→ Records shown:
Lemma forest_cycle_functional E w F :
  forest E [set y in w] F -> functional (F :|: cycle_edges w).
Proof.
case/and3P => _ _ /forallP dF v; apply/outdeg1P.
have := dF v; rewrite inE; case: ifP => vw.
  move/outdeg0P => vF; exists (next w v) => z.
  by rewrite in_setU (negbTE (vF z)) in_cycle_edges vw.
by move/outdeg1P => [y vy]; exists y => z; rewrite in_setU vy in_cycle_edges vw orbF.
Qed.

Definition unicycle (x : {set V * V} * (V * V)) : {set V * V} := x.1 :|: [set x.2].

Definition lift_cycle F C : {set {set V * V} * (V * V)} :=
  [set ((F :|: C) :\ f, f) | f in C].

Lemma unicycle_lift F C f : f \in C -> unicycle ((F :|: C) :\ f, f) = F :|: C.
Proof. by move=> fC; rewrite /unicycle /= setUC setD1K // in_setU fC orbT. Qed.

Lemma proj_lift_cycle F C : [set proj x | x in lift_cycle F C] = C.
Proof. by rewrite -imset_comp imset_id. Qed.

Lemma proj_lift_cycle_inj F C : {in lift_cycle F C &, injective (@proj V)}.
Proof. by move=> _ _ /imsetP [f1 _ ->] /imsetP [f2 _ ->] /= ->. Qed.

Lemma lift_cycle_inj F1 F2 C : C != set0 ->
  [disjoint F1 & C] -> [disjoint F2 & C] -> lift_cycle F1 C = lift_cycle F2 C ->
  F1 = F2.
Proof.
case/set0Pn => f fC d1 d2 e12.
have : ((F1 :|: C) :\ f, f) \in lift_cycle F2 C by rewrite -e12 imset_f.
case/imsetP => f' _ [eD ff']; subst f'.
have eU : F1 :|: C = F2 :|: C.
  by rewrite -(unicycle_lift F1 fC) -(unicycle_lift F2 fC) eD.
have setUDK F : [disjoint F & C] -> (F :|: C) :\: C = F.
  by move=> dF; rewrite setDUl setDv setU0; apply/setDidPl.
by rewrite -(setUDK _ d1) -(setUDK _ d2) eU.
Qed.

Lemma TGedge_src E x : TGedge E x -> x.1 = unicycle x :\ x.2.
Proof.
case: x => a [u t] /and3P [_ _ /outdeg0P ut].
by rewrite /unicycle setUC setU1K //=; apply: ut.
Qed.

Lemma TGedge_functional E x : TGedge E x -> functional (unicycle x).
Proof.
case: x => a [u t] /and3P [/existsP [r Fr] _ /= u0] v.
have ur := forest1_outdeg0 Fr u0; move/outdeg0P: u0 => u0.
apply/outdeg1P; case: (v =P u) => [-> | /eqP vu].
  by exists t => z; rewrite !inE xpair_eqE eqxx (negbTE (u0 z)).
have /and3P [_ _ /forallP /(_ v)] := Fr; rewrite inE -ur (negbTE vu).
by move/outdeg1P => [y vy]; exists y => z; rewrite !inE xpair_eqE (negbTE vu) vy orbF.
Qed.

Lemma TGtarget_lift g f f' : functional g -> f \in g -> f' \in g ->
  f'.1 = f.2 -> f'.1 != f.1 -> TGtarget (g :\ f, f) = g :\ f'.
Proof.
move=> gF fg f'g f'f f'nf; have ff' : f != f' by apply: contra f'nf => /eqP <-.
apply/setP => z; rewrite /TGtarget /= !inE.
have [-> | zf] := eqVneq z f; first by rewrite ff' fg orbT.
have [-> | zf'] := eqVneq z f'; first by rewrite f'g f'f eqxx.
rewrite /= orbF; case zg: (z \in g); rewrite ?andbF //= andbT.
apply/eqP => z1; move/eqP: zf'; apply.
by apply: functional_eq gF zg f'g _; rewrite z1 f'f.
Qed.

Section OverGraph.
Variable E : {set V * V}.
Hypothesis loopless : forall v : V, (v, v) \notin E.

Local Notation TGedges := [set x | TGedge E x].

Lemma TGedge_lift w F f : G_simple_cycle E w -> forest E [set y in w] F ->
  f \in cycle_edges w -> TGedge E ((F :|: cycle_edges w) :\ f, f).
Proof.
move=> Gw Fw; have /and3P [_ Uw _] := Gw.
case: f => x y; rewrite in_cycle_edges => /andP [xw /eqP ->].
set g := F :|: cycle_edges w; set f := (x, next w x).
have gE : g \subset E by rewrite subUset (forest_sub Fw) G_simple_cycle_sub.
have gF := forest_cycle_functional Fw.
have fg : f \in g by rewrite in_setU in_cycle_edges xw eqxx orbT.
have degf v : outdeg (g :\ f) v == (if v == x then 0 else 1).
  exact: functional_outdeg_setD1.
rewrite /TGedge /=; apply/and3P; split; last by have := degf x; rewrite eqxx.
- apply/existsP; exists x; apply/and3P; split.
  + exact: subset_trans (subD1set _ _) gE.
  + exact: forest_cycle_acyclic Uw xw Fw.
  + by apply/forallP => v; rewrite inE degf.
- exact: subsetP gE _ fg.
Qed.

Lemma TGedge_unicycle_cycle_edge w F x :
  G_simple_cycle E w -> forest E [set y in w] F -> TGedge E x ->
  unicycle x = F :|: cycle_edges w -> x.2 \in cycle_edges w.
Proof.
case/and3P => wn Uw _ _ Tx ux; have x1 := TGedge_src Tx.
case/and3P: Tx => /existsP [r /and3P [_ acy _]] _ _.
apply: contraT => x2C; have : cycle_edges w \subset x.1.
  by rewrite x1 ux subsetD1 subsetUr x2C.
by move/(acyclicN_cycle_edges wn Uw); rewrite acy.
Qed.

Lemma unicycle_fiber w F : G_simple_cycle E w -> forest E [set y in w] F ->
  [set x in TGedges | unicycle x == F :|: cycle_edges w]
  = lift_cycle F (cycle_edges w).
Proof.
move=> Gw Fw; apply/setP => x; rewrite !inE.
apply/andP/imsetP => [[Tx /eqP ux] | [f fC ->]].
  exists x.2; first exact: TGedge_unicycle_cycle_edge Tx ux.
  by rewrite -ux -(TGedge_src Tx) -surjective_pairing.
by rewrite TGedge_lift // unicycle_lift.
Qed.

...

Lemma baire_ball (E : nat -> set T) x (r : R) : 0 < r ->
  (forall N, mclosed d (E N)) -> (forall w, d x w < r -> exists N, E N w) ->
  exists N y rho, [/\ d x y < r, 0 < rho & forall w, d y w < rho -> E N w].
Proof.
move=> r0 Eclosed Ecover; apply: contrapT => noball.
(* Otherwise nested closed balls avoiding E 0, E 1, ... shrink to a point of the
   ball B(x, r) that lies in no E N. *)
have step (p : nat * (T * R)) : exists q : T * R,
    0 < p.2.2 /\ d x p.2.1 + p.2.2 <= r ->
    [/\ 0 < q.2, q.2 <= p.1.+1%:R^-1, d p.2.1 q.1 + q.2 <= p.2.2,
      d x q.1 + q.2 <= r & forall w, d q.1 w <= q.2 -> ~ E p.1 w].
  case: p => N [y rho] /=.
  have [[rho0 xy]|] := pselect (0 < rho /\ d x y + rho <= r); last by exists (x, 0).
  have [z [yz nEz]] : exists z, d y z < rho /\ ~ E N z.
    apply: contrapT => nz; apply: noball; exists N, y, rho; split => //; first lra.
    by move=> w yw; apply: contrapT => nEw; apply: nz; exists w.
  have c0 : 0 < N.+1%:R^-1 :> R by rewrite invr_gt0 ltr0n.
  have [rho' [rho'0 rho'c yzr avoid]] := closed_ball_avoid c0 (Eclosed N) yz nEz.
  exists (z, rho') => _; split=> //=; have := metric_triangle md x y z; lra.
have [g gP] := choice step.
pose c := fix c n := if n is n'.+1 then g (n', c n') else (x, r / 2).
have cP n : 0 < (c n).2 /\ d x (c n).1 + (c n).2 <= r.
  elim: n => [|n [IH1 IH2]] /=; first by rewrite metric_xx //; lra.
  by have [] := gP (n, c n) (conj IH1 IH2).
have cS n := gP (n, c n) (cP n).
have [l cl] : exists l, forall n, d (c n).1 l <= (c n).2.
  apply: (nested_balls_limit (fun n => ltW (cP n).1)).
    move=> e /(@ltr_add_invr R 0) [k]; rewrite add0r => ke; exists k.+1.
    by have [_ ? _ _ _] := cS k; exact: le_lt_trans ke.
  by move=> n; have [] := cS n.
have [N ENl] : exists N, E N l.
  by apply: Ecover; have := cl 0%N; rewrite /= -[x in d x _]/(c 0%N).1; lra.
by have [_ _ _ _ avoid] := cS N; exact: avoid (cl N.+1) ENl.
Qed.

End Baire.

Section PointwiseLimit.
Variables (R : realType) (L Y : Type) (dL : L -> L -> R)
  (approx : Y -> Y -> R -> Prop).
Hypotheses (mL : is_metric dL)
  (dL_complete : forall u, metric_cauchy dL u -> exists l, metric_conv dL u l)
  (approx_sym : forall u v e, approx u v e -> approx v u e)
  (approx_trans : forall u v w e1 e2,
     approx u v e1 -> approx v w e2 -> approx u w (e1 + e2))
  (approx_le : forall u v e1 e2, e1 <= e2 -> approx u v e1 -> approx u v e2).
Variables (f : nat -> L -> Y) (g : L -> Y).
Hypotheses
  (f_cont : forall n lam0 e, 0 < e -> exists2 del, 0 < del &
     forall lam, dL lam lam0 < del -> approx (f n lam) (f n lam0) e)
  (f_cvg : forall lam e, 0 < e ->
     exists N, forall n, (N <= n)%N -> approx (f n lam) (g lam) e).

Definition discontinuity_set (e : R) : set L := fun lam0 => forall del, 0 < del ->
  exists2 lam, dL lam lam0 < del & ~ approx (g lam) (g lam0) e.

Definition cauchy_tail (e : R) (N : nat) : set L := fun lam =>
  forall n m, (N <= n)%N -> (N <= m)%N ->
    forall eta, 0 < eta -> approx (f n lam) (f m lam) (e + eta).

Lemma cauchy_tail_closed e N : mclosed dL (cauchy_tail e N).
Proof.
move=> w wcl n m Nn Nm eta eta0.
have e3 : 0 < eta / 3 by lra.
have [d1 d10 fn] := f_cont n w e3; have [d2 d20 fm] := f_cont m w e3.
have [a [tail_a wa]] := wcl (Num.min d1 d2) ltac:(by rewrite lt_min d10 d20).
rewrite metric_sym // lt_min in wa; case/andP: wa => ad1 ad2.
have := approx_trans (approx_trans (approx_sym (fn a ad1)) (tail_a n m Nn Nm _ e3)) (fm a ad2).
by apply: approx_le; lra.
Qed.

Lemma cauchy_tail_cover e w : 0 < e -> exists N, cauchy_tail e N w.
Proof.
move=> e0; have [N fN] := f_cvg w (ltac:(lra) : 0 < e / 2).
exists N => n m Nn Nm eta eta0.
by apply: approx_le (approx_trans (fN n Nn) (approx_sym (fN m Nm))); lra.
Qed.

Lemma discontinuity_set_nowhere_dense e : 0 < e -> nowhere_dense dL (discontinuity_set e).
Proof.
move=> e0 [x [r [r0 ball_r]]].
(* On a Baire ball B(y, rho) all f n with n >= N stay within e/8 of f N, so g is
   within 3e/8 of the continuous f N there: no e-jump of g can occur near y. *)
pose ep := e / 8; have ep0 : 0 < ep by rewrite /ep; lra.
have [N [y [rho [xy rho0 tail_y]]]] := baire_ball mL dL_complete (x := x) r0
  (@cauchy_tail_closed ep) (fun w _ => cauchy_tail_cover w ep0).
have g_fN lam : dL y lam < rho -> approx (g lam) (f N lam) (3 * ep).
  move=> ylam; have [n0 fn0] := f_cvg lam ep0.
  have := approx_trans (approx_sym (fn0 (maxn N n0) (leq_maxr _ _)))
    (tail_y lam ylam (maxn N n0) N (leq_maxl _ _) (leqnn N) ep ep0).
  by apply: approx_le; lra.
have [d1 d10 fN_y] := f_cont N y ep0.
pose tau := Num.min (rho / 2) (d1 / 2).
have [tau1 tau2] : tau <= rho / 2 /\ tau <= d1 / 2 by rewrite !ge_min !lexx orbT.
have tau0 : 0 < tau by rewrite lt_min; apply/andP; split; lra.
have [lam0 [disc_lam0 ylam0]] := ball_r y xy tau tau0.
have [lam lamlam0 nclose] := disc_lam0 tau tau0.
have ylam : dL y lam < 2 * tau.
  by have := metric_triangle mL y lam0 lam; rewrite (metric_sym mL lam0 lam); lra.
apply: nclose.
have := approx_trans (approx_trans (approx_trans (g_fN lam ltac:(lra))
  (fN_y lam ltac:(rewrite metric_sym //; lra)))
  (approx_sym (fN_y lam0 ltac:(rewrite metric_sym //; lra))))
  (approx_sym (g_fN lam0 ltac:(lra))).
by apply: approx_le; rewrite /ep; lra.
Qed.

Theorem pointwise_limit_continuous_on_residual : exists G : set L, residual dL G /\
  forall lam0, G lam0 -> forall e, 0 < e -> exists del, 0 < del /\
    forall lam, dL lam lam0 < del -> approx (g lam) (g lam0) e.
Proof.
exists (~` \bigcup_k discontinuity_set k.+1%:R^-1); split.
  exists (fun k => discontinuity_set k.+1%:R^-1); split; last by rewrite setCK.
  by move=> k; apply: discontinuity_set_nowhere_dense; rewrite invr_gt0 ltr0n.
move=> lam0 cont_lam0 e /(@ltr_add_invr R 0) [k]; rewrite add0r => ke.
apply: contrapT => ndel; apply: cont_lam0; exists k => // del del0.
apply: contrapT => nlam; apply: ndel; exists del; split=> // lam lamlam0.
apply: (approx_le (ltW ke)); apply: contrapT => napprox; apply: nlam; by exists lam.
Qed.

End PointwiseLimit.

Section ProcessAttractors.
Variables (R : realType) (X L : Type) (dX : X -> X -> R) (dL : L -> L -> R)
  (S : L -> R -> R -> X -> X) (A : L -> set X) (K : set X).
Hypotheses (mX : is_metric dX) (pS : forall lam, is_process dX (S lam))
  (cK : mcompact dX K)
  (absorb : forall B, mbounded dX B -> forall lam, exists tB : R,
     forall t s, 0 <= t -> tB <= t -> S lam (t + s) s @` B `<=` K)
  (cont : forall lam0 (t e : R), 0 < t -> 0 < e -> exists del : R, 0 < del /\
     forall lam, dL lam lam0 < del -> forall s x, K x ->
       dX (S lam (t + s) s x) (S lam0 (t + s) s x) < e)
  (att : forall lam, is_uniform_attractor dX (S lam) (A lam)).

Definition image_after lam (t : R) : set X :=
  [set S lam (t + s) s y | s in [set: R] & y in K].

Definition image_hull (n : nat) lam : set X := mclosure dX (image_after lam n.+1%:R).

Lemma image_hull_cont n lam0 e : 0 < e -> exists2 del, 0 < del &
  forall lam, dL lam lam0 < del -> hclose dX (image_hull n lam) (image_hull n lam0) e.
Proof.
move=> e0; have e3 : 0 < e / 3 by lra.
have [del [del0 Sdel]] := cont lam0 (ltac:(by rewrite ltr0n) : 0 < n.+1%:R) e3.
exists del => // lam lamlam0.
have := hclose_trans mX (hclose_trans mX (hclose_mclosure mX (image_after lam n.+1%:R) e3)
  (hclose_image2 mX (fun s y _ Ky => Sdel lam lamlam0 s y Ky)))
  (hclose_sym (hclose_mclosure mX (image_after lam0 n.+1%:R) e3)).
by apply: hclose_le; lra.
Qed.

--

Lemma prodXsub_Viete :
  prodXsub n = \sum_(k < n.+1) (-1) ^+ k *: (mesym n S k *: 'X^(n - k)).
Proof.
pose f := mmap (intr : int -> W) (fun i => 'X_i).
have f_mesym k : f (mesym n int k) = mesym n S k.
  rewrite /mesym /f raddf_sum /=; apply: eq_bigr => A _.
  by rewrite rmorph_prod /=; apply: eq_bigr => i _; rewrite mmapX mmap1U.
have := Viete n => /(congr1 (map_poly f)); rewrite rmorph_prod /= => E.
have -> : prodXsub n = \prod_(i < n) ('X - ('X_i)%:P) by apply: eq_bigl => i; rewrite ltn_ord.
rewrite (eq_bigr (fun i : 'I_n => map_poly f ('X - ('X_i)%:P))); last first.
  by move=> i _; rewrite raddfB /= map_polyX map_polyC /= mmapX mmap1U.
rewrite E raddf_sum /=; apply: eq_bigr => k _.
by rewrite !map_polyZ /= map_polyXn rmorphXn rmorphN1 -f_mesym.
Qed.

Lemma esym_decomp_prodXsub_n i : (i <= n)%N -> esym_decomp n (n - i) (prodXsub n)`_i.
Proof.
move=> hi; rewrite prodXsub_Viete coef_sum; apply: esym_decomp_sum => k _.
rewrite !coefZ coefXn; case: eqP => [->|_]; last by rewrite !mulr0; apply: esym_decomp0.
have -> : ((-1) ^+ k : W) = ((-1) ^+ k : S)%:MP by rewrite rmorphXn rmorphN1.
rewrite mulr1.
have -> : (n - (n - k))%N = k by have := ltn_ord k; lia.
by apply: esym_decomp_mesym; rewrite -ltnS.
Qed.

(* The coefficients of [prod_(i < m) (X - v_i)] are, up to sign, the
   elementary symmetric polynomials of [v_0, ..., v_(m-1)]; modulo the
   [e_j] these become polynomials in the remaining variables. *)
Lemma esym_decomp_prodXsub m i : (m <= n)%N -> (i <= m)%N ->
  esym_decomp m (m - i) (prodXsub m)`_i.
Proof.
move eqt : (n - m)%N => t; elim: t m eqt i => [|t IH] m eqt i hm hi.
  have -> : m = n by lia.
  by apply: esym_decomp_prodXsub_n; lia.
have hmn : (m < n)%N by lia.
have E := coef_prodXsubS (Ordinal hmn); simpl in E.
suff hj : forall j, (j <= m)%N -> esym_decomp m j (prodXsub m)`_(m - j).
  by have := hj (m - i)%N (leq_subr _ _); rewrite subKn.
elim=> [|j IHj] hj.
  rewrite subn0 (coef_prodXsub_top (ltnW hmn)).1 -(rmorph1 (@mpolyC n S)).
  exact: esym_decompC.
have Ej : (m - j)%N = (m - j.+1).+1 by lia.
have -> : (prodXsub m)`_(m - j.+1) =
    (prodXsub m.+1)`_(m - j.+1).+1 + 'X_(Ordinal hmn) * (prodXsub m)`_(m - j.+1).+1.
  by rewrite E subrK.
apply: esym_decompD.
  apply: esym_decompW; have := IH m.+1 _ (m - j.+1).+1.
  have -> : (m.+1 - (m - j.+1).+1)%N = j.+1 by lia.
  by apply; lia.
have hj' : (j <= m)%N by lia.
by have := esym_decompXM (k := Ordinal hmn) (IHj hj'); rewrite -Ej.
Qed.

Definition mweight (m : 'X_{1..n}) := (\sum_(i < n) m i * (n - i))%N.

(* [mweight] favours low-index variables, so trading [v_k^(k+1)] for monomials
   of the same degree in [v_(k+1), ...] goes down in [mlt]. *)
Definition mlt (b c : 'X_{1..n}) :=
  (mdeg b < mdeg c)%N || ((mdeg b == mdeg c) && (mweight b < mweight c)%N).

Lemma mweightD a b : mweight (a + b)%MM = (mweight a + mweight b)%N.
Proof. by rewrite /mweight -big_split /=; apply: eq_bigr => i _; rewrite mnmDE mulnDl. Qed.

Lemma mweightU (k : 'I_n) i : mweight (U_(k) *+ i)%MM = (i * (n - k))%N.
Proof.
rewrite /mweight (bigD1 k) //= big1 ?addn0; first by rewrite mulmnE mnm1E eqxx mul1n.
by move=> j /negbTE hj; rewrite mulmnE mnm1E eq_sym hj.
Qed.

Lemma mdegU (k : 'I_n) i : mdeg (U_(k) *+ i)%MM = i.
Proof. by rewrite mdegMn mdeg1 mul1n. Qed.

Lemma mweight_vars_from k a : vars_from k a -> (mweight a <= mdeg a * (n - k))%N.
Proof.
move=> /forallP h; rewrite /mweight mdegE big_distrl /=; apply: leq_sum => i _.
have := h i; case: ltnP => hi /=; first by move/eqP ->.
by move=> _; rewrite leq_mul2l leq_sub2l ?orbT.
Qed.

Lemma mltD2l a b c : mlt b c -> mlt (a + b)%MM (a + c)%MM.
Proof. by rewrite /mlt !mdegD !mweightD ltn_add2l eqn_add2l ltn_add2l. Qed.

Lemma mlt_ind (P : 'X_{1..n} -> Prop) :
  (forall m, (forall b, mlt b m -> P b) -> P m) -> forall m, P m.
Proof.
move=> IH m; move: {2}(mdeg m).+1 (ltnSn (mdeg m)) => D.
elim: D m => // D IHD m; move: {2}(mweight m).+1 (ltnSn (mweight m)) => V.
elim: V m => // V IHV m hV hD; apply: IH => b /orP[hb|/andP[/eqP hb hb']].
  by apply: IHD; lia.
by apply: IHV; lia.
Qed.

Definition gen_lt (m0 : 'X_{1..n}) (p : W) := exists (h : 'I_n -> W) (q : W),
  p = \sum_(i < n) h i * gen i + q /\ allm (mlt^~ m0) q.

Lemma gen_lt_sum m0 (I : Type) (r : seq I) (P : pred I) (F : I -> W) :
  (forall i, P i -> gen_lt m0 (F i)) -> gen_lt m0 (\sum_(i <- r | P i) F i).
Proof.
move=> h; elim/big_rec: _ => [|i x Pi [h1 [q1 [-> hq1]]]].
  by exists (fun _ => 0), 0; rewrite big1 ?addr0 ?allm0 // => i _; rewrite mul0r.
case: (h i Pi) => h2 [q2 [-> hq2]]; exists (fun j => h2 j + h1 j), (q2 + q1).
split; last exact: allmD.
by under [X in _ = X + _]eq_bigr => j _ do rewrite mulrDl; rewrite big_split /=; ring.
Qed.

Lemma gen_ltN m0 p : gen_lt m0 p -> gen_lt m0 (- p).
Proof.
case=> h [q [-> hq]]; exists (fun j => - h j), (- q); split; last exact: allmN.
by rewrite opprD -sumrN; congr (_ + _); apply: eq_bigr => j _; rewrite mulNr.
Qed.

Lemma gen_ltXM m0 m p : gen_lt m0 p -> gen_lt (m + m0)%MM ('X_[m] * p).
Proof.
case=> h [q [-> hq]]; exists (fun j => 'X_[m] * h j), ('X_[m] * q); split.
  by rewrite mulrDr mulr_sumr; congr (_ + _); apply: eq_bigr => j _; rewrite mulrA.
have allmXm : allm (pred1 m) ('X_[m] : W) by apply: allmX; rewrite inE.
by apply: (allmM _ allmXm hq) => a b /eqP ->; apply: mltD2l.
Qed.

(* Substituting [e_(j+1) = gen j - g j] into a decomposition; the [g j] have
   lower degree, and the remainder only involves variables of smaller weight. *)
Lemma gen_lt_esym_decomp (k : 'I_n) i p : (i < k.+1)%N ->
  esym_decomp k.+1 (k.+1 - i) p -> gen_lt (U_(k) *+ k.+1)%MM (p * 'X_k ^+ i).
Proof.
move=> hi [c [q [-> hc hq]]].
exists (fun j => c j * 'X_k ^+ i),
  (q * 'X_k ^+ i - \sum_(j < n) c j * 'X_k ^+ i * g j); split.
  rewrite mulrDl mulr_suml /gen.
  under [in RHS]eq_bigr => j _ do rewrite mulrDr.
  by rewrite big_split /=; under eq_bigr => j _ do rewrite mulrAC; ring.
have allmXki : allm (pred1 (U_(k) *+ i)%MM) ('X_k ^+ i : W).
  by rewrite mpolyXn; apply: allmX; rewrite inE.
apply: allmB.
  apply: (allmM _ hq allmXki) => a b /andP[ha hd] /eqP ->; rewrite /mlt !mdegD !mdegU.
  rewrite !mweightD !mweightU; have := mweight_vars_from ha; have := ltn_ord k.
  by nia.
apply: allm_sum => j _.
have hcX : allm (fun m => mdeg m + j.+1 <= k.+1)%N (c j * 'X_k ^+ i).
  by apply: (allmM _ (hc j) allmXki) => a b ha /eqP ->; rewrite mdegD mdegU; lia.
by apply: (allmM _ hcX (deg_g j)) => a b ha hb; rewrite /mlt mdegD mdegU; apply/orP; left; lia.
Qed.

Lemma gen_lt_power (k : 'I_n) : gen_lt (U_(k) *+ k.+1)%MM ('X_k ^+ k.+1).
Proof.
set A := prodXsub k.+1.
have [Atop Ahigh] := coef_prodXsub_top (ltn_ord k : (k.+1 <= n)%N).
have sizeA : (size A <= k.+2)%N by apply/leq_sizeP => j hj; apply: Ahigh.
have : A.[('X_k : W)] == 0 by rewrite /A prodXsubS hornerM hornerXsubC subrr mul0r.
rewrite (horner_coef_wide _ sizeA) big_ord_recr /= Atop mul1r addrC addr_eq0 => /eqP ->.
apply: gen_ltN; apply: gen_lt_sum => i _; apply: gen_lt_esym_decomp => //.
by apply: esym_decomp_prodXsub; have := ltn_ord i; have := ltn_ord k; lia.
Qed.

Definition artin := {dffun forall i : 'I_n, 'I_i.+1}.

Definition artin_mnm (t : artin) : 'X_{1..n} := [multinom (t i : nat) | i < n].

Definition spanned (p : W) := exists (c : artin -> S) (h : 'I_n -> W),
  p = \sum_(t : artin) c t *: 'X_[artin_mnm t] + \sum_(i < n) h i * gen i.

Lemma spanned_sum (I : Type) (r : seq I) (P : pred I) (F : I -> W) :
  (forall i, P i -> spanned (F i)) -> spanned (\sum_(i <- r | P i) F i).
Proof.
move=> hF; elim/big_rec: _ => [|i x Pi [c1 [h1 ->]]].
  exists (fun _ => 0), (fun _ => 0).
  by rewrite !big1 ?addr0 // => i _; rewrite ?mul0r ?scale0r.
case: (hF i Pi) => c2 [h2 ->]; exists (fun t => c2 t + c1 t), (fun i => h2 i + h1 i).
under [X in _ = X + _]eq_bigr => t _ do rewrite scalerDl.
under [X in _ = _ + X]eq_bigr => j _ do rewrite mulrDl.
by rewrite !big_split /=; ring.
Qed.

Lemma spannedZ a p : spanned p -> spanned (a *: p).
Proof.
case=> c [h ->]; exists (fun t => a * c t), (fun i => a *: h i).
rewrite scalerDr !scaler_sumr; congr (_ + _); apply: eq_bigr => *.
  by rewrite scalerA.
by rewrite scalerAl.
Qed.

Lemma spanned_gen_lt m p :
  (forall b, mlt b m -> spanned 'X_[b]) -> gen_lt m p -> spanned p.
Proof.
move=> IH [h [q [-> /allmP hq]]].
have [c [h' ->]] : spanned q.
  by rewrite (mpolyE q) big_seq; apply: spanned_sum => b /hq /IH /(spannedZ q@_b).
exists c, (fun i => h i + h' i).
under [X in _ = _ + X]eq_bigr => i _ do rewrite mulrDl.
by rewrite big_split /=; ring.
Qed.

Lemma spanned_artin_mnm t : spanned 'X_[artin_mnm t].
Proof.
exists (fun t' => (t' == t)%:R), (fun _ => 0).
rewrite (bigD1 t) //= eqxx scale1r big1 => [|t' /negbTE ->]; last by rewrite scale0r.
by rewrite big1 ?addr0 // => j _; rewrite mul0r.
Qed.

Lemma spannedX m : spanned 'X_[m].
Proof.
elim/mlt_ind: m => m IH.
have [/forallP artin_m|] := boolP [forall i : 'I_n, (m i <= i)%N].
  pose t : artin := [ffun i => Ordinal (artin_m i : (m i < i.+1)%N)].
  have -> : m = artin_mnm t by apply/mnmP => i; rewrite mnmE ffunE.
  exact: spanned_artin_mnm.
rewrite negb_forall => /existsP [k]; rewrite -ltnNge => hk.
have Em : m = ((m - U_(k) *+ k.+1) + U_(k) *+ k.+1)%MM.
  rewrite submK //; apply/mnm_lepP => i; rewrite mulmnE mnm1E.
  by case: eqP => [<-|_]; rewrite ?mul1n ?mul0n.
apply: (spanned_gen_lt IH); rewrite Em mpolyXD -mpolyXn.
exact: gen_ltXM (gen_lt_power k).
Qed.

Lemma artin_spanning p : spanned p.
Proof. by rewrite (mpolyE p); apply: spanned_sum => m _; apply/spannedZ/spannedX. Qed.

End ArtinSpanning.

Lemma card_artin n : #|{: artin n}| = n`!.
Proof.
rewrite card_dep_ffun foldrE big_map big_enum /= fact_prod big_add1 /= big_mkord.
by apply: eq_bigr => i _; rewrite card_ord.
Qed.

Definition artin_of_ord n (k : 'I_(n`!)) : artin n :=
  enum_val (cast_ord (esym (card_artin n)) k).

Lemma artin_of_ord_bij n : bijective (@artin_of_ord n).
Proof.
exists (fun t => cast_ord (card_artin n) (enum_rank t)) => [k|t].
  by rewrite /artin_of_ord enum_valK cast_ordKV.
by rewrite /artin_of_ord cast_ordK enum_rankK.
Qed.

→ Exercise brief: Look above for the line holding "forall lam0, G" and the line holding "move=> lam0 cont_lam0". Retype both, and every line between them, word for word and nothing else.

→ Result:
  forall lam0, G lam0 -> forall e, 0 < e -> exists del, 0 < del /\
    forall lam, dL lam lam0 < del -> approx (g lam) (g lam0) e.
Proof.
exists (~` \bigcup_k discontinuity_set k.+1%:R^-1); split.
  exists (fun k => discontinuity_set k.+1%:R^-1); split; last by rewrite setCK.
  by move=> k; apply: discontinuity_set_nowhere_dense; rewrite invr_gt0 ltr0n.
move=> lam0 cont_lam0 e /(@ltr_add_invr R 0) [k]; rewrite add0r => ke.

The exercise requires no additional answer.